» Your objective
The answer must be the full set of records, repeated exactly.

» Record extracts
(* Let $\Gamma$ be a vertex-transitive graph on $n$ vertices. Then $\Gamma$ has an induced subgraph $\Gamma'$ with at least $e(\Gamma)/2$ edges satisfying $\chi(\overline{\Gamma'})\le (\ln 4)\,n/\omega(\Gamma)$.
   Context: $\omega(\Gamma)$ is the clique number of $\Gamma$, $\overline{\Gamma'}$ is the complement of $\Gamma'$, and $\chi$ denotes chromatic number. *)

From mathcomp Require Import all_boot.
From mathcomp Require Import fingroup perm.
From Stdlib Require Import Reals.

Set Implicit Arguments.
Unset Strict Implicit.
Unset Printing Implicit Defensive.

Section Graphs.
Variable T : finType.

(* A finite simple graph on vertex type T is a symmetric irreflexive relation e. *)

Definition is_automorphism (e : rel T) (g : {perm T}) : Prop :=
  forall u v, e (g u) (g v) = e u v.

Definition vertex_transitive (e : rel T) : Prop :=
  forall x y : T, exists g : {perm T}, is_automorphism e g /\ g x = y.

Definition num_edges (e : rel T) (S : {set T}) : nat :=
  #|[set A : {set T} | (A \subset S) &&
        [exists x, exists y, e x y && (A == [set x; y])]]|.

Definition compl (e : rel T) : rel T := fun x y => (x != y) && ~~ e x y.

Definition is_clique (e : rel T) (A : {set T}) : bool :=
  [forall x in A, forall y in A, (x != y) ==> e x y].

Definition omega (e : rel T) : nat := \max_(A : {set T} | is_clique e A) #|A|.

Definition colorable (adj : rel T) (V : {set T}) (k : nat) : bool :=
  [exists f : {ffun T -> 'I_k},
     [forall x in V, forall y in V, ((x != y) && adj x y) ==> (f x != f y)]].

Lemma colorable_card (adj : rel T) (V : {set T}) : exists k, colorable adj V k.
Proof.
exists #|T|; apply/existsP; exists [ffun x => enum_rank x].
apply/forallP => x; apply/implyP => _; apply/forallP => y; apply/implyP => _.
apply/implyP => /andP [nxy _]; rewrite !ffunE.
by rewrite (inj_eq enum_rank_inj).
Qed.

Definition chi (adj : rel T) (V : {set T}) : nat :=
  ex_minn (colorable_card adj V).

End Graphs.
Lemma size_chebT n : (size (chebT n) <= n.+1)%N.
Proof.
suff H : (size (chebT n) <= n.+1)%N /\ (size (chebT n.+1) <= n.+2)%N by case: H.
elim: n => [|n [IH1 IH2]].
  by rewrite /chebT /= size_poly1 size_polyX.
split=> //; rewrite chebT_SS.
apply: (leq_trans (size_polyD _ _)); rewrite geq_max; apply/andP; split.
  have h1 := size_polyMleq (2%:P * 'X) (chebT n.+1).
  have h2 := size_polyMleq (2%:P : {poly R}) 'X.
  have h3 : (size (2%:P : {poly R}) <= 1)%N := size_polyC_leq1 _.
  rewrite size_polyX in h2; lia.
rewrite size_polyN; exact: (leq_trans IH1 (leq_trans (leqnSn _) (leqnSn _))).

Qed.

Lemma size_chebQ d : (size (chebQ d) <= d.+1)%N.
Proof.
case: d => [|d]; first by rewrite /chebQ size_poly1.
exact: leq_trans (size_scale_leq _ _) (size_chebT _).
Qed.

End Cheb.

(* Truncating the series at degree D - 1 gives the upper bound, since on [-1, 1]
   the j-th term equals a_j T_j (halved for j = 0) and |T_j| <= 1.
   For the lower bound substitute x = cos t.  If deg p < D and |p - f| <= M on
   [-1, 1], then p(cos t) minus the N-th partial sum is a cosine polynomial of order
   N whose k-th coefficient is -a_k for D <= k < N, and it is bounded by M plus the
   tail of sum |a_j| from N on.  At the N Chebyshev nodes the cosines cos (j t),
   j < N, are orthogonal with squared norms at least N / 2, so sampling there gives
   sum_(D <= k < N) a_k^2 <= 2 (M + tail)^2.  Letting N go to infinity yields
   sum_(k >= D) a_k^2 <= 2 M^2, which is even stronger than needed since
   a_k^2 / k <= a_k^2. *)

From HB Require Import structures.
From mathcomp Require Import all_boot all_order all_algebra.
From mathcomp Require Import all_classical all_reals all_analysis.
From mathcomp Require Import ring lra zify.
Import Order.TTheory GRing.Theory Num.Theory numFieldNormedType.Exports.
Local Open Scope classical_set_scope.
Local Open Scope ring_scope.

Section discrete_cosine_orthogonality.
Context {R : realType}.

Lemma sin_natrMpi (l : nat) : sin (l%:R * pi) = 0 :> R.
Proof.
elim: l => [|l IH]; first by rewrite mul0r sin0.
by rewrite -natr1 mulrDl mul1r sinDpi IH oppr0.
Qed.

Lemma cosM_natr (j k : nat) (t : R) : (k <= j)%N ->
  cos (j%:R * t) * cos (k%:R * t) =
  (cos ((j + k)%:R * t) + cos ((j - k)%:R * t)) / 2.
Proof. by move=> kj; rewrite natrD natrB // !mulrDl mulNr !cosD cosN sinN; field. Qed.
(* Let $\imath:V\hookrightarrow U$ be an inclusion of regular molecules with $\dim V=\dim U=1$. Then $\imath$ is a submolecule inclusion.
   Context: All posets are finite; $y$ covers $x$ if $x<y$ with nothing strictly between. A finite poset is graded if for each $x$ all maximal covering chains descending from $x$ have the same length $\dim x$; $U_n$ denotes elements of dimension $n$. An oriented graded poset is a finite graded poset with a label $\pm$ on each covering pair; $\Delta^\alpha x$ ($\nabla^\alpha x$) is the set of elements covered by (covering) $x$ with label $\alpha$. For closed (downward closed) $U$, with $\mathrm{cl}$ downward closure, $\max U$ maximal elements, $\dim U$ maximal dimension: $\Delta^\alpha_nU=\{x\in U_n:\nabla^{-\alpha}x\cap U=\emptyset\}$, $\partial^\alpha_nU=\mathrm{cl}(\Delta^\alpha_nU)\cup\bigcup_{k<n}\mathrm{cl}((\max U)_k)$ ($\emptyset$ for $n<0$), $\partial_nU=\partial^-_nU\cup\partial^+_nU$, subscript omitted for $n=\dim U-1$. Maps are functions with $f(\partial^\alpha_n\mathrm{cl}\{x\})=\partial^\alpha_n\mathrm{cl}\{f(x)\}$; inclusions are injective maps. $U\#_kV$ is the pushout of $U\hookleftarrow\partial^+_kU\cong\partial^-_kV\hookrightarrow V$; for $U,V$ of equal dimension $n$ with $\partial U\cong\partial V$ compatibly with $\partial^\pm$, $U\Rightarrow V$ is that pushout with a new element $\top$ of dimension $n+1$, $\Delta^-\top=U_n$, $\Delta^+\top=V_n$. $U$ is round if $\partial^-_nU\cap\partial^+_nU=\partial_{n-1}U$ for all $n<\dim U$. Regular molecules: smallest isomorphism-closed class containing the point, closed under $U\#_kV$ ($k<\min(\dim U,\dim V)$) and $U\Rightarrow V$ for round regular molecules of equal dimension. Submolecule inclusions: smallest class of inclusions of regular molecules containing all isomorphisms and the inclusions $U\hookrightarrow U\#_kV\hookleftarrow V$, closed under composition. *)

From HB Require Import structures.
From mathcomp Require Import all_boot all_order all_algebra.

» Answer area
(* Let $\Gamma$ be a vertex-transitive graph on $n$ vertices. Then $\Gamma$ has an induced subgraph $\Gamma'$ with at least $e(\Gamma)/2$ edges satisfying $\chi(\overline{\Gamma'})\le (\ln 4)\,n/\omega(\Gamma)$.
   Context: $\omega(\Gamma)$ is the clique number of $\Gamma$, $\overline{\Gamma'}$ is the complement of $\Gamma'$, and $\chi$ denotes chromatic number. *)

From mathcomp Require Import all_boot.
From mathcomp Require Import fingroup perm.
From Stdlib Require Import Reals.

Set Implicit Arguments.
Unset Strict Implicit.
Unset Printing Implicit Defensive.

Section Graphs.
Variable T : finType.

(* A finite simple graph on vertex type T is a symmetric irreflexive relation e. *)

Definition is_automorphism (e : rel T) (g : {perm T}) : Prop :=
  forall u v, e (g u) (g v) = e u v.

Definition vertex_transitive (e : rel T) : Prop :=
  forall x y : T, exists g : {perm T}, is_automorphism e g /\ g x = y.

Definition num_edges (e : rel T) (S : {set T}) : nat :=
  #|[set A : {set T} | (A \subset S) &&
        [exists x, exists y, e x y && (A == [set x; y])]]|.

Definition compl (e : rel T) : rel T := fun x y => (x != y) && ~~ e x y.

Definition is_clique (e : rel T) (A : {set T}) : bool :=
  [forall x in A, forall y in A, (x != y) ==> e x y].

Definition omega (e : rel T) : nat := \max_(A : {set T} | is_clique e A) #|A|.

Definition colorable (adj : rel T) (V : {set T}) (k : nat) : bool :=
  [exists f : {ffun T -> 'I_k},
     [forall x in V, forall y in V, ((x != y) && adj x y) ==> (f x != f y)]].

Lemma colorable_card (adj : rel T) (V : {set T}) : exists k, colorable adj V k.
Proof.
exists #|T|; apply/existsP; exists [ffun x => enum_rank x].
apply/forallP => x; apply/implyP => _; apply/forallP => y; apply/implyP => _.
apply/implyP => /andP [nxy _]; rewrite !ffunE.
by rewrite (inj_eq enum_rank_inj).
Qed.

Definition chi (adj : rel T) (V : {set T}) : nat :=
  ex_minn (colorable_card adj V).

End Graphs.
Lemma size_chebT n : (size (chebT n) <= n.+1)%N.
Proof.
suff H : (size (chebT n) <= n.+1)%N /\ (size (chebT n.+1) <= n.+2)%N by case: H.
elim: n => [|n [IH1 IH2]].
  by rewrite /chebT /= size_poly1 size_polyX.
split=> //; rewrite chebT_SS.
apply: (leq_trans (size_polyD _ _)); rewrite geq_max; apply/andP; split.
  have h1 := size_polyMleq (2%:P * 'X) (chebT n.+1).
  have h2 := size_polyMleq (2%:P : {poly R}) 'X.
  have h3 : (size (2%:P : {poly R}) <= 1)%N := size_polyC_leq1 _.
  rewrite size_polyX in h2; lia.
rewrite size_polyN; exact: (leq_trans IH1 (leq_trans (leqnSn _) (leqnSn _))).

Qed.

Lemma size_chebQ d : (size (chebQ d) <= d.+1)%N.
Proof.
case: d => [|d]; first by rewrite /chebQ size_poly1.
exact: leq_trans (size_scale_leq _ _) (size_chebT _).
Qed.

End Cheb.

(* Truncating the series at degree D - 1 gives the upper bound, since on [-1, 1]
   the j-th term equals a_j T_j (halved for j = 0) and |T_j| <= 1.
   For the lower bound substitute x = cos t.  If deg p < D and |p - f| <= M on
   [-1, 1], then p(cos t) minus the N-th partial sum is a cosine polynomial of order
   N whose k-th coefficient is -a_k for D <= k < N, and it is bounded by M plus the
   tail of sum |a_j| from N on.  At the N Chebyshev nodes the cosines cos (j t),
   j < N, are orthogonal with squared norms at least N / 2, so sampling there gives
   sum_(D <= k < N) a_k^2 <= 2 (M + tail)^2.  Letting N go to infinity yields
   sum_(k >= D) a_k^2 <= 2 M^2, which is even stronger than needed since
   a_k^2 / k <= a_k^2. *)

From HB Require Import structures.
From mathcomp Require Import all_boot all_order all_algebra.
From mathcomp Require Import all_classical all_reals all_analysis.
From mathcomp Require Import ring lra zify.
Import Order.TTheory GRing.Theory Num.Theory numFieldNormedType.Exports.
Local Open Scope classical_set_scope.
Local Open Scope ring_scope.

Section discrete_cosine_orthogonality.
Context {R : realType}.

Lemma sin_natrMpi (l : nat) : sin (l%:R * pi) = 0 :> R.
Proof.
elim: l => [|l IH]; first by rewrite mul0r sin0.
by rewrite -natr1 mulrDl mul1r sinDpi IH oppr0.
Qed.

Lemma cosM_natr (j k : nat) (t : R) : (k <= j)%N ->
  cos (j%:R * t) * cos (k%:R * t) =
  (cos ((j + k)%:R * t) + cos ((j - k)%:R * t)) / 2.
Proof. by move=> kj; rewrite natrD natrB // !mulrDl mulNr !cosD cosN sinN; field. Qed.
(* Let $\imath:V\hookrightarrow U$ be an inclusion of regular molecules with $\dim V=\dim U=1$. Then $\imath$ is a submolecule inclusion.
   Context: All posets are finite; $y$ covers $x$ if $x<y$ with nothing strictly between. A finite poset is graded if for each $x$ all maximal covering chains descending from $x$ have the same length $\dim x$; $U_n$ denotes elements of dimension $n$. An oriented graded poset is a finite graded poset with a label $\pm$ on each covering pair; $\Delta^\alpha x$ ($\nabla^\alpha x$) is the set of elements covered by (covering) $x$ with label $\alpha$. For closed (downward closed) $U$, with $\mathrm{cl}$ downward closure, $\max U$ maximal elements, $\dim U$ maximal dimension: $\Delta^\alpha_nU=\{x\in U_n:\nabla^{-\alpha}x\cap U=\emptyset\}$, $\partial^\alpha_nU=\mathrm{cl}(\Delta^\alpha_nU)\cup\bigcup_{k<n}\mathrm{cl}((\max U)_k)$ ($\emptyset$ for $n<0$), $\partial_nU=\partial^-_nU\cup\partial^+_nU$, subscript omitted for $n=\dim U-1$. Maps are functions with $f(\partial^\alpha_n\mathrm{cl}\{x\})=\partial^\alpha_n\mathrm{cl}\{f(x)\}$; inclusions are injective maps. $U\#_kV$ is the pushout of $U\hookleftarrow\partial^+_kU\cong\partial^-_kV\hookrightarrow V$; for $U,V$ of equal dimension $n$ with $\partial U\cong\partial V$ compatibly with $\partial^\pm$, $U\Rightarrow V$ is that pushout with a new element $\top$ of dimension $n+1$, $\Delta^-\top=U_n$, $\Delta^+\top=V_n$. $U$ is round if $\partial^-_nU\cap\partial^+_nU=\partial_{n-1}U$ for all $n<\dim U$. Regular molecules: smallest isomorphism-closed class containing the point, closed under $U\#_kV$ ($k<\min(\dim U,\dim V)$) and $U\Rightarrow V$ for round regular molecules of equal dimension. Submolecule inclusions: smallest class of inclusions of regular molecules containing all isomorphisms and the inclusions $U\hookrightarrow U\#_kV\hookleftarrow V$, closed under composition. *)

From HB Require Import structures.
From mathcomp Require Import all_boot all_order all_algebra.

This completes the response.